The average monthly hiring rate over the past three months has slightly decreased to just over 200,000, down from an average of around 320,000 during the same period last year. Notably, the job gains in November were concentrated in specific sectors, with the health care industry leading the way by adding 93,000 jobs, followed by hotels and restaurants with 40,000, and governments contributing 49,000 jobs.
Conversely, some sectors experienced job cuts, including retailers, shipping and warehousing companies, and temporary help agencies.
Despite the moderation in job growth, wages continue to increase at a slower but still-healthy pace. In November, average hourly pay rose by 4% compared to the same period the previous year, marking the slowest pace in over two years. Nevertheless, average pay is growing faster than inflation, providing support for consumer spending.
As the Federal Reserve prepares to meet next week, it is expected to maintain its benchmark rate unchanged for the third consecutive time, given the easing inflation pressures.
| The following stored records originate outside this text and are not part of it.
(*   Ext C A = E(C,A);  pull c d = c^* d;  push a d = a_* d.           *)
(*   realizes d B x y  <->  A -x-> B -y-> C belongs to the class s(d). *)
Record Extri (C : AddCat) := {
  Ext : C -> C -> zmodType;
  pull : forall (Z' Z A : C), Hom Z' Z -> Ext Z A -> Ext Z' A;
  push : forall (Z A A' : C), Hom A A' -> Ext Z A -> Ext Z A';
  pushD : forall Z A A' (a : Hom A A') (d d' : Ext Z A),
      push a (d + d') = push a d + push a d';
  pullD : forall Z' Z A (c : Hom Z' Z) (d d' : Ext Z A),
      pull c (d + d') = pull c d + pull c d';
  pushDm : forall Z A A' (a a' : Hom A A') (d : Ext Z A),
      push (a + a') d = push a d + push a' d;
  pullDm : forall Z' Z A (c c' : Hom Z' Z) (d : Ext Z A),
      pull (c + c') d = pull c d + pull c' d;
  push1 : forall Z A (d : Ext Z A), push (idm A) d = d;
  pull1 : forall Z A (d : Ext Z A), pull (idm Z) d = d;
  pushM : forall Z A A' A'' (a : Hom A A') (a' : Hom A' A'') (d : Ext Z A),
      push (a' \oc a) d = push a' (push a d);
  pullM : forall Z'' Z' Z A (c' : Hom Z'' Z') (c : Hom Z' Z) (d : Ext Z A),
      pull (c \oc c') d = pull c' (pull c d);
  pull_push : forall Z' Z A A' (c : Hom Z' Z) (a : Hom A A') (d : Ext Z A),
      pull c (push a d) = push a (pull c d);
  (* realization s: each s(d) is a nonempty equivalence class of sequences *)
  realizes : forall (Z A : C), Ext Z A -> forall B : C, Hom A B -> Hom B Z -> Prop;
  realizes_ex : forall Z A (d : Ext Z A), exists B x y, @realizes Z A d B x y;
  realizes_class : forall Z A (d : Ext Z A) B (x : Hom A B) (y : Hom B Z)
      B' (x' : Hom A B') (y' : Hom B' Z),
      realizes d x y ->
      (realizes d x' y' <->
       exists b : Hom B B', is_iso b /\ b \oc x = x' /\ y' \oc b = y);
  realizes_mor : forall Z A (d : Ext Z A) B (x : Hom A B) (y : Hom B Z)
      Z' A' (d' : Ext Z' A') B' (x' : Hom A' B') (y' : Hom B' Z')
      (a : Hom A A') (c : Hom Z Z'),
      realizes d x y -> realizes d' x' y' -> push a d = pull c d' ->
      exists b : Hom B B', b \oc x = x' \oc a /\ y' \oc b = c \oc y;
  realizes0 : forall Z A : C, realizes (0 : Ext Z A) (bin1 A Z) (bpr2 A Z);
  realizes_sum : forall Z A (d : Ext Z A) B (x : Hom A B) (y : Hom B Z)
      Z' A' (d' : Ext Z' A') B' (x' : Hom A' B') (y' : Hom B' Z'),
      realizes d x y -> realizes d' x' y' ->
      realizes (push (bin1 A A') (pull (bpr1 Z Z') d)
                + push (bin2 A A') (pull (bpr2 Z Z') d'))
               (hom_sum x x') (hom_sum y y');
  ET3 : forall Z A (d : Ext Z A) B (x : Hom A B) (y : Hom B Z)
      Z' A' (d' : Ext Z' A') B' (x' : Hom A' B') (y' : Hom B' Z')
      (a : Hom A A') (b : Hom B B'),
      realizes d x y -> realizes d' x' y' -> b \oc x = x' \oc a ->
      exists c : Hom Z Z', c \oc y = y' \oc b /\ push a d = pull c d';
  ET3op : forall Z A (d : Ext Z A) B (x : Hom A B) (y : Hom B Z)
      Z' A' (d' : Ext Z' A') B' (x' : Hom A' B') (y' : Hom B' Z')
      (b : Hom B B') (c : Hom Z Z'),
      realizes d x y -> realizes d' x' y' -> c \oc y = y' \oc b ->
      exists a : Hom A A', b \oc x = x' \oc a /\ push a d = pull c d';
  ET4 : forall (A B D Cc F : C) (d : Ext D A) (f : Hom A B) (f' : Hom B D)
      (d' : Ext F B) (g : Hom B Cc) (g' : Hom Cc F),
      realizes d f f' -> realizes d' g g' ->
      exists (E : C) (h' : Hom Cc E) (dd : Hom D E) (e : Hom E F)
             (d'' : Ext E A),
        realizes d'' (g \oc f) h' /\
        realizes (push f' d') dd e /\
        dd \oc f' = h' \oc g /\ e \oc h' = g' /\
        pull dd d'' = d /\ push f d'' = pull e d';
  ET4op : forall (D A B F Cc : C) (d : Ext B D) (f' : Hom D A) (f : Hom A B)
      (d' : Ext Cc F) (g' : Hom F B) (g : Hom B Cc),
      realizes d f' f -> realizes d' g' g ->
      exists (E : C) (h' : Hom E A) (dd : Hom D E) (e : Hom E F)
             (d'' : Ext Cc E),
        realizes d'' h' (g \oc f) /\
        realizes (pull g' d) dd e /\
        h' \oc dd = f' /\ f \oc h' = g' \oc e /\
        push e d'' = d' /\ push dd d = pull g d''
}.
Arguments Ext {C}. Arguments pull {C e Z' Z A}. Arguments push {C e Z A A'}.
Arguments realizes {C e Z A} d {B}.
While speculation exists about the possibility of future rate cuts, most economists anticipate a cautious approach, potentially occurring in the second half of 2024.
In conclusion, the latest economic indicators, including the robust job growth and declining unemployment rate, suggest that the U.S. economy is heading towards a “soft landing.” While the pace of hiring has moderated, the overall outlook remains positive, supporting steady growth and easing inflation pressures. The Federal Reserve’s efforts to balance economic expansion and inflation control appear to be making headway, with the economy still growing despite a series of interest rate hikes.